Francisco J. Aristimuño Centro de Estudios en Ciencia, Tecnología, Cultura y Desarrollo (CITECDE), Sede Andina, Universidad Nacional de Río Negro (UNRN) y Consejo Nacional de Investigaciones Científicas y Técnicas (CONICET), San Carlos de Bariloche, Río Negro, Argentina.
Facundo J. Oddi Instituto de Investigaciones en Recursos Naturales, Agroecología y Desarrollo Rural (IRNAD), Sede Andina, Universidad Nacional de Río Negro (UNRN) y Consejo Nacional de Investigaciones Científicas y Técnicas (CONICET), San Carlos de Bariloche, Río Negro, Argentina.
Florencia Tiribelli Instituto de Investigaciones en Biodiversidad y Medioambiente (INIBIOMA), Universidad Nacional del Comahue (UNCo) y Consejo Nacional de Investigaciones Científicas y Técnicas (CONICET), San Carlos de Bariloche, Río Negro, Argentina.

DOI:

https://doi.org/10.25260/EA.17.27.3.0.513

Abstract

Professionals of the social and environmental sciences must solve problems (answer questions) based on data sampling and analyses. Commonly, all professionals face similar challenges: they need to take decisions on a population (e.g., all the trees of a region), but only have data from a sample (some trees of that region). A key tool in this process is to propose population models for the response variable (tree growth as a function of tree age and climatic conditions) and then use model predictions to take decisions (e.g., when to cut trees according to climatic conditions).

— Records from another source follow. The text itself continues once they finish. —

(* Index k (0 <= k <= d) is the path
   vertex v_{k+1}; indices d+1 .. n-1 form K_{n-d-1}.  The fixed set of
   a clique vertices adjacent to v_{t-1} is {d+1, ..., d+a}. *)
Definition Gedge (d t a i j : nat) : bool :=
  [|| (j == i.+1) && (j <= d)
    , [&& d < i, d < j & i != j]
    , (d < j) && ((i == t.-1) || (i == t))              (* K -- v_t, v_{t+1} *)
    , [&& d < j, j <= d + a & i == t - 2]               (* a vertices -- v_{t-1} *)
    | (d + a < j) && (i == t.+1) ].                     (* rest -- v_{t+2} *)

Definition Gadj (d t a : nat) (i j : nat) : bool := Gedge d t a i j || Gedge d t a j i.

Definition Gdeg (n d t a : nat) (i : 'I_n) : nat :=
  #|[set j : 'I_n | Gadj d t a i j]|.

Definition Glap (n d t a : nat) : 'M[algC]_n :=
  (\matrix_(i, j) (if i == j then (Gdeg d t a i)%:R
                  else - (Gadj d t a i j)%:R))%R.

Definition is_spectrum (n : nat) (M : 'M[algC]_n) (s : seq algC) : Prop :=
  char_poly M = (\prod_(x <- s) ('X - x%:P))%R.

Definition count_in (lo hi : algC) (s : seq algC) : nat :=
  count (fun x => (lo <= x) && (x <= hi))%R s.

(* The Laplacian L of G = G_{n,d,t,a} is Hermitian, so its eigenvalues are counted by
   the Courant-Fischer principle: if u^* L u >= c |u|^2 on a subspace of dimension p and
   u^* L u < c |u|^2 on the nonzero vectors of a subspace of dimension n - p, exactly p
   eigenvalues are >= c.  Put K = n - d and c = K + 2, and let S = {v_t, v_(t+1)} together
   with the K - 1 clique vertices: S is a clique on K + 1 vertices, each with exactly one
   neighbour outside S.
   - On the K-dimensional space of vectors supported on S with zero sum, the Laplacian
     energy \sum_{ij} |u_i - u_j|^2 is at least 2 (|S| + 1) |u|^2 = 2 c |u|^2.
   - On the d-dimensional space of vectors constant on S, each edge satisfies
     K |u_i - u_j|^2 <= w_ij |u_i|^2 + w_ji |u_j|^2 for weights w depending only on whether
     i, j lie in S, and every weighted degree \sum_j w_ij is below K (K + 2); summing gives
     energy < 2 c |u|^2.
   Finally u^* L u <= n |u|^2 always, so the n - d eigenvalues >= c all lie in [c, n]. *)

From mathcomp Require Import all_boot all_order all_algebra all_field.
From mathcomp Require Import zify ring.
Import Order.TTheory GRing.Theory Num.Theory.
Set Implicit Arguments. Unset Strict Implicit. Unset Printing Implicit Defensive.

Section MatrixFacts.
Local Open Scope ring_scope.

Lemma exists_row_entry_neq0 (R : nmodType) n (u : 'rV[R]_n) :
  u != 0 -> exists i, u 0 i != 0.
Proof.
move=> u_neq0; apply/existsP; apply: contraR u_neq0 => /existsPn ui0.
by apply/eqP/rowP => i; rewrite mxE; apply/eqP/negbNE.
Qed.

Lemma mxrank_kermx_ge (F : fieldType) m r (X : 'M[F]_(m, r)) : (m - r <= \rank (kermx X))%N.
Proof. by rewrite mxrank_ker leq_sub2l ?rank_leq_col. Qed.

Variables (F : fieldType) (m m' k : nat) (f : 'I_m' -> 'I_m) (B : 'M[F]_(m, k)).

Lemma mxrank_rowsub_inj : injective f -> row_free B -> \rank (rowsub f B) = m'.
Proof.
move=> inj_f freeB; rewrite rowsubE mxrankMfree //; apply/eqP/inj_row_free => v.
move=> /rowP vf0; apply/rowP => r; have := vf0 (f r); rewrite !mxE => <-.
rewrite (bigD1 r) //= big1 ?addr0 => [|r' r'r]; first by rewrite !mxE eqxx mulr1.
by rewrite !mxE (inj_eq inj_f) (negbTE r'r) mulr0.
Qed.
(* Let $N>2$ be an odd positive integer, $K$ a positive integer, and $0<Z_x\le N$, $0<Z_y\le K$ integers. Let $f:\mathbb{Z}_N\to\mathbb{Z}_K$ be such that for all integers $a,b$ with $-Z_x<a<Z_x$, $a\ne0$, $-Z_y<b<Z_y$, the equation $f(x+a)-f(x)=b$ (with $x+a$ computed in $\mathbb{Z}_N$ and the equation in $\mathbb{Z}_K$) has at most one solution $x\in\mathbb{Z}_N$. For $0\le k<N$ let $\mathbf{a}_k=(a_k(0),\dots,a_k(K-1))$ with $a_k(t)=\omega_K^{tf(k)}$. Let $\mathbf{h}_0,\dots,\mathbf{h}_{N-1}$ be unimodular complex sequences of length $N$ such that for all $0\le i\ne j<N$ and all $0\le v<N$, $$\Big|\sum_{n=0}^{N-1}h_i(n)h_j^*(n)\Big|\le 1,\qquad \Big|\sum_{n=0}^{N-1}h_i(n)h_j^*(n)\omega_N^{nv}\Big|<N.$$ For $0\le i<N$ define $\mathbf{s}_i$ of length $NK$ by $s_i(tN+k)=h_i(k)a_k(t)$ for $0\le t<K$, $0\le k<N$, and let $\mathcal{S}=\{\mathbf{s}_0,\dots,\mathbf{s}_{N-1}\}$. Then $\mathcal{S}$ is a polyphase periodic $(N,NK,\Pi,K)$-LAZ sequence set with $\Pi=(-Z_x,Z_x)\times(-Z_y,Z_y)$; that is, for all integers $(\tau,v)\in\Pi$: $|AF_{\mathbf{s}_i}(\tau,v)|\le K$ for every $i$ whenever $(\tau,v)\neq(0,0)$, and $|AF_{\mathbf{s}_i,\mathbf{s}_j}(\tau,v)|\le K$ for all $i\neq j$.
   Context: $\omega_L=e^{2\pi\sqrt{-1}/L}$, $z^*$ is complex conjugation, and a sequence is unimodular if all entries have modulus 1. For sequences $\mathbf{a},\mathbf{b}$ of length $L$, the periodic cross-ambiguity function is $AF_{\mathbf{a},\mathbf{b}}(\tau,v)=\sum_{t=0}^{L-1}a(t)b^*(\langle t+\tau\rangle_L)\omega_L^{vt}$ ($\langle\cdot\rangle_L$ = reduction mod $L$), and $AF_{\mathbf{a}}=AF_{\mathbf{a},\mathbf{a}}$. A set of $M$ sequences of length $L$ is an $(M,L,\Pi,\theta)$-LAZ periodic sequence set if the maximum of $|AF_{\mathbf{a}}(\tau,v)|$ over sequences $\mathbf{a}$ in the set and $(0,0)\ne(\tau,v)\in\Pi$, and of $|AF_{\mathbf{a},\mathbf{b}}(\tau,v)|$ over distinct $\mathbf{a},\mathbf{b}$ in the set and $(\tau,v)\in\Pi$, is $\theta$ (here: at most $\theta$). *)

From HB Require Import structures.
From mathcomp Require Import all_boot all_order all_algebra.
From mathcomp Require Import reals trigo.
From mathcomp Require Import complex.
Set Implicit Arguments.
Unset Strict Implicit.
Unset Printing Implicit Defensive.
Import Order.TTheory GRing.Theory Num.Theory.
Local Open Scope ring_scope.

Definition modI (L : nat) (z : int) : nat := `|(z %% (L%:Z))%Z|%N.

Definition omega (R : realType) (L : nat) : R[i] :=
  Complex (cos (2 * pi / L%:R)) (sin (2 * pi / L%:R)).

In this paper we discuss how to propose, estimate, and select models of a population based on sampling data. We put special emphasis in proposing several alternative models (hypotheses) to solve one problem (e.g., different tree growth functions for age), which must be proposed before data sampling, including a null model (tree growth does not depend on tree age or climatic conditions). Models guide us on how data must be sampled for a valid contrast (growth measurements in trees of different age and under contrasting climates). Then, the Akaike information criterion (AIC) can be employed to sort the most parsimonious models, selecting those with the best goodness of fit (likelihood) and the lowest number of parameters (model complexity). Along the text, we introduce basic notions of multimodel inference and discuss common user mistakes. We provide real examples, and share their data and the analyses code in R, a free and open source software. In addition to be useful to professionals from different sciences, we expect our paper to promote the teaching of multimodel inference in graduate courses.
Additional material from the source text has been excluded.